Directions> In the entries that follow, the first line to write out is the one containing "(* For X, Y", and the last is the one containing "is a neighbour". Reproduce that stretch exactly, with nothing before or after it.

Dataset entries>
##############################
(* Let $V$ be an infinite-dimensional left vector space over a field $K$. Then the Grassmann graph on $\mathcal G$ is not connected. More precisely, for $X\in\mathcal G$, the connected component of $X$ consists of those $Y\in\mathcal G$ with $\dim((X+Y)/X)=\dim((X+Y)/Y)=d$ for some integer $d\ge0$; in particular no complement of $X$ in $V$ and no $Y\in\mathcal G$ with $Y<X$ or $Y>X$ lies in this component (and such elements of $\mathcal G$ exist, e.g. every hyperplane of $X$ belongs to $\mathcal G$). Moreover, every connected component of the Grassmann graph has infinite diameter.
   Context: Fields are not necessarily commutative (division rings). $\mathcal G$ denotes the set of all subspaces $X\le V$ such that $X$ is isomorphic to $V/X$. Two elements $X,Y\in\mathcal G$ are adjacent if $\dim((X+Y)/X)=\dim((X+Y)/Y)=1$. The Grassmann graph on $\mathcal G$ has vertex set $\mathcal G$ and edges the pairs of adjacent elements. $Y<X$ denotes strict inclusion of subspaces. *)

From HB Require Import structures.
From mathcomp Require Import all_boot all_order all_algebra.
Set Implicit Arguments. Unset Strict Implicit. Unset Printing Implicit Defensive.
Import GRing.Theory.
Local Open Scope ring_scope.

Definition division_ring (K : unitRingType) : Prop :=
  forall x : K, x != 0 -> x \is a GRing.unit.

Section Grassmann.
Variables (K : unitRingType) (V : lmodType K).

Definition subspace (X : V -> Prop) : Prop :=
  X 0 /\ forall (a : K) (u v : V), X u -> X v -> X (a *: u + v).

Definition subsp_sum (X Y : V -> Prop) : V -> Prop :=
  fun v => exists x y, X x /\ Y y /\ v = x + y.

Definition subsp_cap (X Y : V -> Prop) : V -> Prop := fun v => X v /\ Y v.

Definition linear_map (f : V -> V) : Prop :=
  forall (a : K) (u v : V), f (a *: u + v) = a *: f u + f v.

(* X is isomorphic to V/X: by the first isomorphism theorem, there is a
   linear map V -> V with image exactly X and kernel exactly X. *)
Definition iso_to_quot (X : V -> Prop) : Prop :=
  exists f : V -> V, linear_map f /\
    (forall v, X (f v)) /\ (forall x, X x -> exists v, f v = x) /\
    (forall v, f v = 0 <-> X v).

Definition inG (X : V -> Prop) : Prop := subspace X /\ iso_to_quot X.

Definition indep_mod (X : V -> Prop) (d : nat) (y : 'I_d -> V) : Prop :=
  forall c : 'I_d -> K, X (\sum_(i < d) c i *: y i) -> forall i, c i = 0.

(* dim (S/X) = d, for X <= S: the images of some y_0..y_{d-1} in S form a
   basis of S/X *)
Definition quot_dim (S X : V -> Prop) (d : nat) : Prop :=
  exists y : 'I_d -> V, (forall i, S (y i)) /\ indep_mod X y /\
    (forall v, S v -> exists (c : 'I_d -> K) (x : V),
        X x /\ v = x + \sum_(i < d) c i *: y i).

Definition infinite_dim : Prop :=
  forall n, exists y : 'I_n -> V, indep_mod (fun v => v = 0) y.

Definition adjacent (X Y : V -> Prop) : Prop :=
  quot_dim (subsp_sum X Y) X 1 /\ quot_dim (subsp_sum X Y) Y 1.

Fixpoint walk (n : nat) (X Y : V -> Prop) : Prop :=
  match n with
  | 0 => X = Y
  | n'.+1 => exists Z, inG Z /\ adjacent X Z /\ walk n' Z Y
  end.

Definition gconnected (X Y : V -> Prop) : Prop := exists n, walk n X Y.

Definition complement (X Y : V -> Prop) : Prop :=
  subspace Y /\ (forall v, subsp_cap X Y v <-> v = 0) /\
  (forall v, subsp_sum X Y v).

Definition strict_sub (Y X : V -> Prop) : Prop :=
  (forall v, Y v -> X v) /\ exists v, X v /\ ~ Y v.

End Grassmann.

(* For X, Y in G write d(X, Y) = d when dim (X+Y)/X = dim (X+Y)/Y = d.  Along
   an edge this changes by at most one, so the component of X only contains
   elements at finite distance.  Conversely, if d(X, Y) = d + 1, replace a
   hyperplane H of X containing X :&: Y by H + <y> for some y in Y \ X: this
   is a neighbour of X at distance at most d from Y.  It stays in G because an
   infinite-dimensional subspace U absorbs a line, U + <w> ~ U, by shifting an
   independent sequence of U.  A complement of X is at infinite distance, a
   proper sub- or superspace would be at distance 0, and elements at every
   distance n exist, so components have infinite diameter. *)

From mathcomp Require Import all_boot all_order all_algebra.
From mathcomp Require Import boolp.
From mathcomp Require classical_sets.
Set Implicit Arguments. Unset Strict Implicit. Unset Printing Implicit Defensive.
Import GRing.Theory.
Local Open Scope ring_scope.

Section Subspaces.
Variables (K : unitRingType) (V : lmodType K).
Implicit Types (X Y Z N M A B C H : V -> Prop) (u v w : V).

Definition zero_subsp : V -> Prop := fun v => v = 0.

Definition line w : V -> Prop := fun v => exists a, v = a *: w.

Definition adjoin N w : V -> Prop := fun v => exists a x, N x /\ v = x + a *: w.

Definition span_mod N n (z : 'I_n -> V) : V -> Prop :=
  fun v => exists (c : 'I_n -> K) x, N x /\ v = x + \sum_(i < n) c i *: z i.

Definition findim A := exists d, quot_dim A zero_subsp d.

Definition grass_dist X Y d :=
  quot_dim (subsp_sum X Y) X d /\ quot_dim (subsp_sum X Y) Y d.

Lemma subsp0 X : subspace X -> X 0.
Proof. by case. Qed.

Lemma subspD X u v : subspace X -> X u -> X v -> X (u + v).
Proof. by move=> [_ sX] Xu Xv; have := sX 1 u v Xu Xv; rewrite scale1r. Qed.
##############################
Result of this task>
(* For X, Y in G write d(X, Y) = d when dim (X+Y)/X = dim (X+Y)/Y = d.  Along
   an edge this changes by at most one, so the component of X only contains
   elements at finite distance.  Conversely, if d(X, Y) = d + 1, replace a
   hyperplane H of X containing X :&: Y by H + <y> for some y in Y \ X: this
   is a neighbour of X at distance at most d from Y.  It stays in G because an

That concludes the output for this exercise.